Снова настало молчание. На этот раз оно продолжалось дольше прежнего, потому что в голове Кыскина мелькнула такая мысль: «Ну а что если дадут прибавку?» И поэтому он долго думал о разных разностях до тех пор, пока в спальне жены не раздался шопот:
– Иван Абрамыч!
– Я, матушка?
– Спишь?
– Нет, что-то, милая ты моя, не спится… Я так полагаю: не от нового ли это места?
– Это от нового. С непривычки!
– Должно быть, друг мой, что с непривычки…
– Который-то теперь час?
– Час-то? Да, пожалуй, час первый…
– Какая позднота! Пора спать. Спи! Пора!
Иван Абрамыч вздохнул, и молчание водворилось еще более продолжительное. Он чуял, что и жену его мучит та же тоска, какую испытывал и он. «Господи! – думал Кыскин, – ну не чудн_о_ ли? Что теперича я такое?.. Умер! совсем умер!.. Н-но… – вдруг мелькнуло у него в голове. – Ну а ежели господь пошлет прибавку?» Тут ему представилась картина, происходящая в его семействе по получении прибавки; в этой картине он прежде всего увидел, как все радуются. Решительно все: от двухлетнего ребенка до кухарки Акулины, – все счастливы, все довольны…

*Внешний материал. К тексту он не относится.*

(* Let $n\in\mathbb{N}$ and $m=(n-1)^2+1$. Let $G$ be a finite group of order $mn$ and $H$ a normal subgroup of $G$ of order $n$. Suppose $D$ is an $(mn,(n-1)^2+n,n)$-difference set in $G$ with $H\subseteq D$, and let $R=D\setminus H$. Then (i) $R$ is an $(m,n,m-1,n-2)$-relative difference set in $G$ relative to $H$; (ii) the family $\{hR: h\in H\}$ is an $(n[(n-1)^2+1],n,(n-1)^2,n(n-2),0)$-DPDF and an $(n[(n-1)^2+1],n,(n-1)^2,n(n-1)(n-2),n(n-1)^2)$-EPDF in $G$.
   Context: Groups are written multiplicatively with identity $e$; $G^*=G\setminus\{e\}$; $hR=\{hr:r\in R\}$. For $D\subseteq G$, $\Delta(D)$ is the multiset $\{xy^{-1}: x,y\in D, x\ne y\}$; for $D_1,D_2\subseteq G$, $\Delta(D_1,D_2)$ is the multiset $\{xy^{-1}:x\in D_1,y\in D_2\}$. A $(v,k,\lambda)$-difference set in a group of order $v$ is a $k$-subset $D$ such that $\Delta(D)$ contains each element of $G^*$ exactly $\lambda$ times. If $|G|=mn$ and $H$ is a normal subgroup of order $n$, a $k$-subset $R$ is an $(m,n,k,\lambda)$-relative difference set relative to $H$ if $\Delta(R)$ contains each element of $G\setminus H$ exactly $\lambda$ times and no element of $H\setminus\{e\}$. For a family $A=\{A_1,\dots,A_s\}$ of pairwise disjoint subsets, ${\rm Int}(A)=\bigcup_i\Delta(A_i)$ and ${\rm Ext}(A)=\bigcup_{i\ne j}\Delta(A_i,A_j)$ (multiset unions). For $|G|=v$, a $(v,s,k,\lambda,\mu)$-DPDF is a family of $s$ pairwise disjoint $k$-subsets of $G^*$ with union $S$ such that ${\rm Int}(A)$ contains each element of $S$ exactly $\lambda$ times and each element of $G\setminus(S\cup\{e\})$ exactly $\mu$ times; a $(v,s,k,\lambda,\mu)$-EPDF is defined the same way using ${\rm Ext}(A)$. *)

From mathcomp Require Import all_boot all_order all_fingroup.
Set Implicit Arguments. Unset Strict Implicit. Unset Printing Implicit Defensive.
Local Open Scope group_scope.

Section Diff.
Variable gT : finGroupType.

Definition dcount (D : {set gT}) (g : gT) : nat :=
  #|[set p : gT * gT | [&& p.1 \in D, p.2 \in D, p.1 != p.2 & p.1 * p.2^-1 == g]]|.

Definition dcount2 (D1 D2 : {set gT}) (g : gT) : nat :=
  #|[set p : gT * gT | [&& p.1 \in D1, p.2 \in D2 & p.1 * p.2^-1 == g]]|.

Definition diff_set (G : {group gT}) (v k lam : nat) (D : {set gT}) : Prop :=
  [/\ #|G| = v, D \subset G, #|D| = k &
      forall g, g \in G -> g != 1 -> dcount D g = lam].

Definition rel_diff_set (G H : {group gT}) (m n k lam : nat) (R : {set gT}) : Prop :=
  [/\ #|G| = (m * n)%N, H <| G, #|H| = n, R \subset G & #|R| = k] /\
  [/\ (forall g, g \in G :\: H -> dcount R g = lam) &
      (forall g, g \in H -> g != 1 -> dcount R g = 0)].

Definition int_count (F : {set {set gT}}) (g : gT) : nat :=
  \sum_(A in F) dcount A g.
Definition ext_count (F : {set {set gT}}) (g : gT) : nat :=
  \sum_(A in F) \sum_(B in F | B != A) dcount2 A B g.

Definition pdf_family (G : {group gT}) (v s k : nat) (F : {set {set gT}}) : Prop :=
  [/\ #|G| = v, #|F| = s,
      (forall A, A \in F -> A \subset G :\ 1 /\ #|A| = k) &
      (forall A B, A \in F -> B \in F -> A != B -> [disjoint A & B])].

Definition DPDF (G : {group gT}) (v s k lam mu : nat) (F : {set {set gT}}) : Prop :=
  pdf_family G v s k F /\
  forall g, g \in G ->
    (g \in cover F -> int_count F g = lam) /\
    (g \notin cover F -> g != 1 -> int_count F g = mu).

Definition EPDF (G : {group gT}) (v s k lam mu : nat) (F : {set {set gT}}) : Prop :=
  pdf_family G v s k F /\
  forall g, g \in G ->
    (g \in cover F -> ext_count F g = lam) /\
    (g \notin cover F -> g != 1 -> ext_count F g = mu).

End Diff.

(* Counting the solutions of x y^-1 = g
   in D block by block, the H x H block contributes |H| if g is in H and
   nothing otherwise, while the two mixed blocks count |R :&: g^-1 H| and
   |R :&: g H|.  For g in H^# the hypothesis lambda = n = |H| therefore leaves
   no difference of R in H, so R meets each coset of H at most once; since R
   avoids H and |R| = |G : H| - 1, it meets every other coset exactly once,
   and for g outside H the count reads n = 1 + 1 + Delta_R(g).  The translates
   hR (h in H) partition G :\: H, each has the internal differences of R
   conjugated by h, and their external differences follow from
   Int + Ext = Delta(G :\: H). *)

From mathcomp Require Import all_boot all_order all_fingroup.
From mathcomp Require Import zify.
Set Implicit Arguments. Unset Strict Implicit. Unset Printing Implicit Defensive.
Local Open Scope group_scope.

Section DifferenceCounts.
Variable gT : finGroupType.
Implicit Types (A B : {set gT}) (F : {set {set gT}}) (g : gT).

Lemma dcount2E A B g : dcount2 A B g = #|[set y in B | g * y \in A]|.
Proof.
rewrite /dcount2 -(card_in_imset (f := fun y => (g * y, y))); last by move=> x y _ _ [].
apply: eq_card => -[x y]; rewrite !inE /=; apply/idP/imsetP => [|[z]].
- by case/and3P=> xA yB /eqP <-; exists y; rewrite ?inE ?yB mulgKV.
- by rewrite inE => /andP[zB gzA] [-> ->]; rewrite gzA zB mulgK eqxx.
Qed.

Lemma dcount2_sum A B g : dcount2 A B g = \sum_(y in B) ((g * y)%g \in A).
Proof. by rewrite dcount2E -sum1dep_card big_mkcondr /=. Qed.

Lemma dcount_dcount2 A g : g != 1 -> dcount A g = dcount2 A A g.
Proof.
move=> g1; apply: eq_card => -[x y]; rewrite !inE /=.
by case: eqVneq => [->|//]; rewrite mulgV eq_sym (negbTE g1) !andbF.
Qed.

Lemma dcount2V A B g : dcount2 A B g = dcount2 B A g^-1.
Proof.
rewrite /dcount2 -(card_preimset _ (can_inj swap_pairK)).
apply: eq_card => -[x y]; rewrite !inE /= -[in RHS](can_eq (@invgK gT)) invMg !invgK.
by rewrite andbCA.
Qed.

Lemma dcount2_lcoset A B a b g :
  dcount2 (a *: A) (b *: B) g = dcount2 A B (a^-1 * g * b).
Proof.
rewrite !dcount2E -(card_preimset _ (mulgI b)); apply: eq_card => y.
by rewrite !inE !mem_lcoset mulKg !mulgA.
Qed.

– А бог-то? – вдруг проговорил Кыскин.
– Чего ты? – послышалось из спальни…
– Нет, это я так!.. Что-то не спится!
– Спи! спи! – ворочаясь, говорила жена.
– Право, что-то все того… – поворачиваясь лицом к спине дивана, бормотал муж. – Блохи не блохи, а так что-то…

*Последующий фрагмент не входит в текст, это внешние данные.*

(* Let $d\ge1$, $k\in\{1,\dots,d\}$, and let $P\subset\{x\in\mathbb{R}^d:x_k>0\}$ be an $n$-dimensional polytope with $0\le n\le d-1$. Suppose there exists a hyperplane $\{x:\pi^\top x=\pi_0\}$ containing $P$ that is not orthogonal to $\bar H=\{x\in\mathbb{R}^d:x_k=0\}$ (i.e. $\pi_k\neq0$). Then: (i) $\mathrm{swp}_k(P)$ is an $(n+1)$-dimensional polytope; (ii) every $l$-face of $\mathrm{swp}_k(P)$ is either an $l$-face of $P$, or an $l$-face of $\mathrm{proj}_k(P)$, or equals $\mathrm{swp}_k(\Gamma^{l-1})$ for some $(l-1)$-face $\Gamma^{l-1}$ of $P$; and (iii) every face of $P$ and every face of $\mathrm{proj}_k(P)$ is a face of $\mathrm{swp}_k(P)$, and $\mathrm{swp}_k(\Gamma)$ is a face of $\mathrm{swp}_k(P)$ for every face $\Gamma$ of $P$.
   Context: $e_k$ is the $k$-th standard unit vector. For $P\subset\mathbb{R}^d$: $\mathrm{proj}_k(P)=\{p-p_ke_k:p\in P\}$ and $\mathrm{swp}_k(P)=\{p-\theta p_ke_k:p\in P,\theta\in[0,1]\}$. A polytope is the convex hull of finitely many points; its faces are the intersections with supporting hyperplanes (together with the polytope itself), the dimension of a face is that of its affine hull, and an $l$-face is a face of dimension $l$. *)

From HB Require Import structures.
From mathcomp Require Import all_boot all_order all_algebra.
From mathcomp Require Import reals.
Set Implicit Arguments. Unset Strict Implicit. Unset Printing Implicit Defensive.
Import Order.TTheory GRing.Theory Num.Theory.
Local Open Scope ring_scope.

Section Defs.
Variables (R : realType) (d : nat).
Notation vec := 'rV[R]_d.

Definition rset := vec -> Prop.

Definition dotv (a x : vec) : R := \sum_(i < d) a 0 i * x 0 i.

Definition unitv (k : 'I_d) : vec := delta_mx 0 k.

Definition conv_hull (S : seq vec) : rset := fun x =>
  exists lam : 'I_(size S) -> R,
    (forall i, 0 <= lam i) /\ \sum_i lam i = 1 /\
    x = \sum_i lam i *: S`_i.

Definition is_polytope (P : rset) : Prop :=
  exists S : seq vec, P = conv_hull S.

Definition aff_hull (A : rset) : rset := fun x =>
  exists S : seq vec, (forall i, (i < size S)%N -> A S`_i) /\
    exists lam : 'I_(size S) -> R, \sum_i lam i = 1 /\
      x = \sum_i lam i *: S`_i.

(* A has dimension n: its affine hull is a translate x0 + V of a linear
   subspace V (row space of a matrix) with dim V = n.  The empty set has
   no (natural-number) dimension. *)
Definition affdim (A : rset) (n : nat) : Prop :=
  exists (x0 : vec) (V : 'M[R]_d), \rank V = n /\
    forall x, aff_hull A x <-> (x - x0 <= V)%MS.

Definition is_face (P F : rset) : Prop :=
  F = P \/
  exists (a : vec) (b : R), a != 0 /\
    (forall x, P x -> dotv a x <= b) /\
    (exists x, P x /\ dotv a x = b) /\
    F = (fun x => P x /\ dotv a x = b).

Definition is_lface (P : rset) (l : nat) (F : rset) : Prop :=
  is_face P F /\ affdim F l.

Definition projk (k : 'I_d) (P : rset) : rset := fun y =>
  exists p, P p /\ y = p - p 0 k *: unitv k.

Definition swpk (k : 'I_d) (P : rset) : rset := fun y =>
  exists p theta, P p /\ 0 <= theta <= 1 /\ y = p - (theta * p 0 k) *: unitv k.

End Defs.

(* Write the points of swp_k(P) as p - t p_k e_k with p in P and t in [0, 1].
   Along such a segment a linear functional a changes by -t p_k a_k, and p_k > 0;
   so on swp_k(P) the maximum of a is attained only at t = 0 if a_k > 0, only
   at t = 1 if a_k < 0, and independently of t if a_k = 0.  Hence every exposed
   face of swp_k(P) is a face of P, a face of proj_k(P), or the sweep of a face
   of P.  Conversely, since pi is constant on P and e_k is constant (zero) on
   proj_k(P), the normal of a face of P or of proj_k(P) can be tilted by a
   multiple of pi, resp. e_k, to give its k-th coordinate any prescribed
   sign.  For the dimensions, the affine hull of swp_k(P) is aff(P) + R e_k,
   and e_k is not parallel to aff(P) because pi_k <> 0. *)

From HB Require Import structures.
From mathcomp Require Import all_boot all_order all_algebra.
From mathcomp Require Import reals boolp.
From mathcomp Require Import ring lra.
Import Order.TTheory GRing.Theory Num.Theory.
Local Open Scope ring_scope.
Set Implicit Arguments. Unset Strict Implicit. Unset Printing Implicit Defensive.

Section DotProduct.
Variables (R : realType) (d : nat).
Implicit Types (a x y : 'rV[R]_d) (k : 'I_d).

Lemma dotvC a x : dotv a x = dotv x a.
Proof. by apply: eq_bigr => i _; rewrite mulrC. Qed.

Fact dotv_is_linear a : linear_for *%R (dotv a).
Proof.
move=> c x y; rewrite /dotv mulr_sumr -big_split.
by apply: eq_bigr => i _; rewrite !mxE mulrDr mulrCA.
Qed.

HB.instance Definition _ a :=
  GRing.isLinear.Build R 'rV[R]_d R *%R (dotv a) (dotv_is_linear a).

Lemma dotvDr a x y : dotv a (x + y) = dotv a x + dotv a y.
Proof. exact: raddfD. Qed.

Lemma dotvBr a x y : dotv a (x - y) = dotv a x - dotv a y.
Proof. exact: raddfB. Qed.

Lemma dotvZr a c x : dotv a (c *: x) = c * dotv a x.
Proof. exact: linearZ_LR. Qed.

Lemma dotvDl a y x : dotv (a + y) x = dotv a x + dotv y x.
Proof. by rewrite !(dotvC _ x) dotvDr. Qed.

Lemma dotvZl a c x : dotv (c *: a) x = c * dotv a x.
Proof. by rewrite !(dotvC _ x) dotvZr. Qed.

Lemma dotv0l x : dotv 0 x = 0.
Proof. by rewrite dotvC; exact: raddf0. Qed.

Lemma dotv_unitr a k : dotv a (unitv R k) = a 0 k.
Proof.
rewrite /dotv (bigD1 k) //= big1 => [|i /negbTE ik]; rewrite !mxE ?ik ?eqxx.
  by rewrite mulr1 addr0.
by rewrite mulr0.
Qed.

Lemma dotv_unitl a k : dotv (unitv R k) a = a 0 k.
Proof. by rewrite dotvC dotv_unitr. Qed.

Lemma sub_kermx_dotv a x : (x <= kermx a^T)%MS = (dotv a x == 0).
Proof.
have xaE : x *m a^T = (dotv a x)%:M.
  by apply/rowP => i; rewrite ord1 !mxE eqxx; apply: eq_bigr => j _; rewrite mxE mulrC.
by rewrite sub_kermx xaE -scalemx1 scalemx_eq0 oner_eq0 orbF.
Qed.

End DotProduct.

Definition catn T n (f g : nat -> T) i := if (i < n)%N then f i else g (i - n)%N.

Lemma big_catn (V : nmodType) n m (f g : nat -> V) :
  \sum_(i < n + m) catn n f g i = \sum_(i < n) f i + \sum_(i < m) g i.
Proof.
rewrite big_split_ord /=; congr (_ + _); apply: eq_bigr => i _.
  by rewrite /catn ltn_ord.
by rewrite /catn ltnNge leq_addr addKn.
Qed.

Lemma catnZ (R : pzRingType) (V : lmodType R) n (lam mu : nat -> R) (p q : nat -> V) i :
  catn n lam mu i *: catn n p q i = catn n (fun j => lam j *: p j) (fun j => mu j *: q j) i.
Proof. by rewrite /catn; case: ifP. Qed.

Section AffineHull.
Variables (R : realType) (d : nat).
Implicit Types (A B C : rset R d) (x y z u w : 'rV[R]_d).

(* Unlike affine combinations (wt = 1), these are closed under sums and scaling. *)
Definition combination A (wt : R) x := exists n (p : nat -> 'rV[R]_d) (lam : nat -> R),
  [/\ forall i, (i < n)%N -> A (p i), \sum_(i < n) lam i = wt &
      x = \sum_(i < n) lam i *: p i].

Lemma aff_hullP A x : aff_hull A x <-> combination A 1 x.
Proof.
split=> [[S [SA [lam [lam1 ->]]]] | [n [p [lam [pA lam1 ->]]]]].
- exists (size S), (nth 0 S), (fun i => if insub i is Some j then lam j else 0).
  by split=> //; [rewrite -lam1 |]; apply: eq_bigr => i _; rewrite valK.
- exists (mkseq p n); rewrite size_mkseq; split=> [i lt_in|].
    by rewrite nth_mkseq //; apply: pA.
  by exists (fun i => lam i); split=> //; apply: eq_bigr => i _; rewrite nth_mkseq.
Qed.

Lemma combinationD A wt1 wt2 x y :
  combination A wt1 x -> combination A wt2 y -> combination A (wt1 + wt2) (x + y).
Proof.
move=> [n [p [lam [pA <- ->]]]] [m [q [mu [qA <- ->]]]].
exists (n + m)%N, (catn n p q), (catn n lam mu); split; last 2 first.
- exact: big_catn.
- by under [RHS]eq_bigr do rewrite catnZ; rewrite big_catn.
move=> i lt_inm; rewrite /catn; case: ltnP => [/pA // | le_ni].
by apply: qA; rewrite ltn_subLR.
Qed.

Lemma combinationZ A wt c x : combination A wt x -> combination A (c * wt) (c *: x).
Proof.
move=> [n [p [lam [pA <- ->]]]]; exists n, p, (fun i => c * lam i).
by rewrite mulr_sumr scaler_sumr; split=> //; apply: eq_bigr => i _; rewrite scalerA.
Qed.

Lemma aff_hull_sub A x : A x -> aff_hull A x.
Proof.
move=> Ax; apply/aff_hullP; exists 1%N, (fun=> x), (fun=> 1).
by rewrite !big_ord1 scale1r; split=> // -[].
Qed.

– Спи! там блох нет ни одной.
– Да то-то я думаю: откуда блохам быть? Так что-то.
– Никаких блох нету, а это от нового места.
– Должно быть, что от нового места. Как-то так всё…
– Спи!
Жена замолчала, а в голове Кыскина снова явился вопрос: «А бог-то?» И вслед за этим мысль его в одно мгновенье перелетела чрез множество всевозможных затруднений, тяготевших на его семейной жизни и за несколько минут перед этим сознанных вполне, непреложных и очевидных для всякого. Что-то упорно побуждало его ни под каким видом не разрушать сложившуюся картину семейной жизни, влагало в него какую-то невероятную решимость отказаться от куска хлеба для того, чтобы удержать за собою единственную сердечную привязанность вполне, без ограничений; и тут же мелькала перед ним картина безотрадного существования, если он переломит себя и захочет «подумать о душе»… «Господи! – шептал он, – Маша!..»

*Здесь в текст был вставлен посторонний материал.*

Lemma prefix_rcons k T (tau : {ffun 'I_k -> 'I_T}) (i : 'I_k) :
  prefix tau i.+1 = rcons (prefix tau i) (tau i).
Proof.
rewrite /prefix (take_nth (tau i)); last by rewrite size_map size_enum_ord.
by rewrite (nth_map i) ?size_enum_ord // nth_ord_enum.
Qed.

Lemma eq_prefix k T (tau tau' : {ffun 'I_k -> 'I_T}) (t : nat) :
  (forall j : 'I_k, (j < t)%N -> tau j = tau' j) -> prefix tau t = prefix tau' t.
Proof.
move=> eq_tau; rewrite /prefix -!(map_take t _ (enum 'I_k)).
apply/eq_in_map => j /index_ltn.
by rewrite index_enum_ord; apply: eq_tau.
Qed.

Section RandomizedProjections.
Variables (R : realType) (d T : nat) (n : 'I_T -> nat).
Variables (X : forall m : 'I_T, 'M[R]_(n m, d)) (y : forall m : 'I_T, 'cV[R]_(n m)).

(* (1/T) sum_m ||(I - P_m) v||^2, as I - P_m = X_m^+ X_m. *)
Definition proj_loss (v : 'cV[R]_d) : R :=
  T%:R^-1 * \sum_(m < T) sqnorm (pinv (X m) *m X m *m v).

Lemma proj_loss_le v : proj_loss v <= sqnorm v.
Proof.
apply: (@le_trans _ _ (T%:R^-1 * \sum_(m < T) sqnorm v)).
  by rewrite ler_wpM2l ?invr_ge0 // ler_sum // => m _; apply: sqnorm_pinvM_le.
rewrite sumr_const card_ord -[sqnorm v *+ T]mulr_natl mulrA.
have [T0|T_gt0] := posnP T; last by rewrite mulVf ?mul1r ?pnatr_eq0 -?lt0n.
by rewrite T0 mulr0 mul0r sqnorm_ge0.
Qed.

Lemma proj_loss_avg_le (I : Type) (r : seq I) (e : I -> 'cV[R]_d) :
  proj_loss ((size r)%:R^-1 *: \sum_(i <- r) e i)
  <= (size r)%:R^-1 * \sum_(i <- r) proj_loss (e i).
Proof.
rewrite /proj_loss -[in X in _ <= X]mulr_sumr mulrCA (exchange_big _ r).
rewrite [in X in _ <= X]mulr_sumr /=.
rewrite ler_wpM2l ?invr_ge0 // ler_sum // => m _.
by rewrite -scalemxAr mulmx_sumr; apply: sqnorm_avg_le.
Qed.

Variable ws : 'cV[R]_d.
Hypothesis sol_ws : forall m, X m *m ws = y m.

Definition err (k : nat) (tau : {ffun 'I_k -> 'I_T}) (t : nat) : 'cV[R]_d :=
  iterate X y (prefix tau t) - ws.

Lemma avg_iterate_err k (tau : {ffun 'I_k -> 'I_T}) : (0 < k)%N ->
  avg_iterate X y tau - ws = k%:R^-1 *: \sum_(1 <= t < k.+1) err tau t.
Proof.
move=> k_gt0; rewrite /err sumrB sumr_const_nat subSS subn0 scalerBr.
by rewrite -scaler_nat scalerA mulVf ?pnatr_eq0 -?lt0n // scale1r.
Qed.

– Маша, ты спишь? – произнес он вдруг громко. Но жена не отвечала.
«Спит!» – подумал он.
А она долго еще не спала, долго еще думала, крепко прижавшись к подушке, то же самое, что и муж ее; но она яснее его смотрела на вещи и тверже решилась заглушить в себе всякую мысль, как только мысль эта наталкивала ее на вопрос: «А бог-то?» Поэтому-то она и не отвечала мужу, когда тот назвал ее. Притворясь спящей, она слышала, как Иван Абрамович ворочался на диване, охал, шептал: «Господи! Господи!»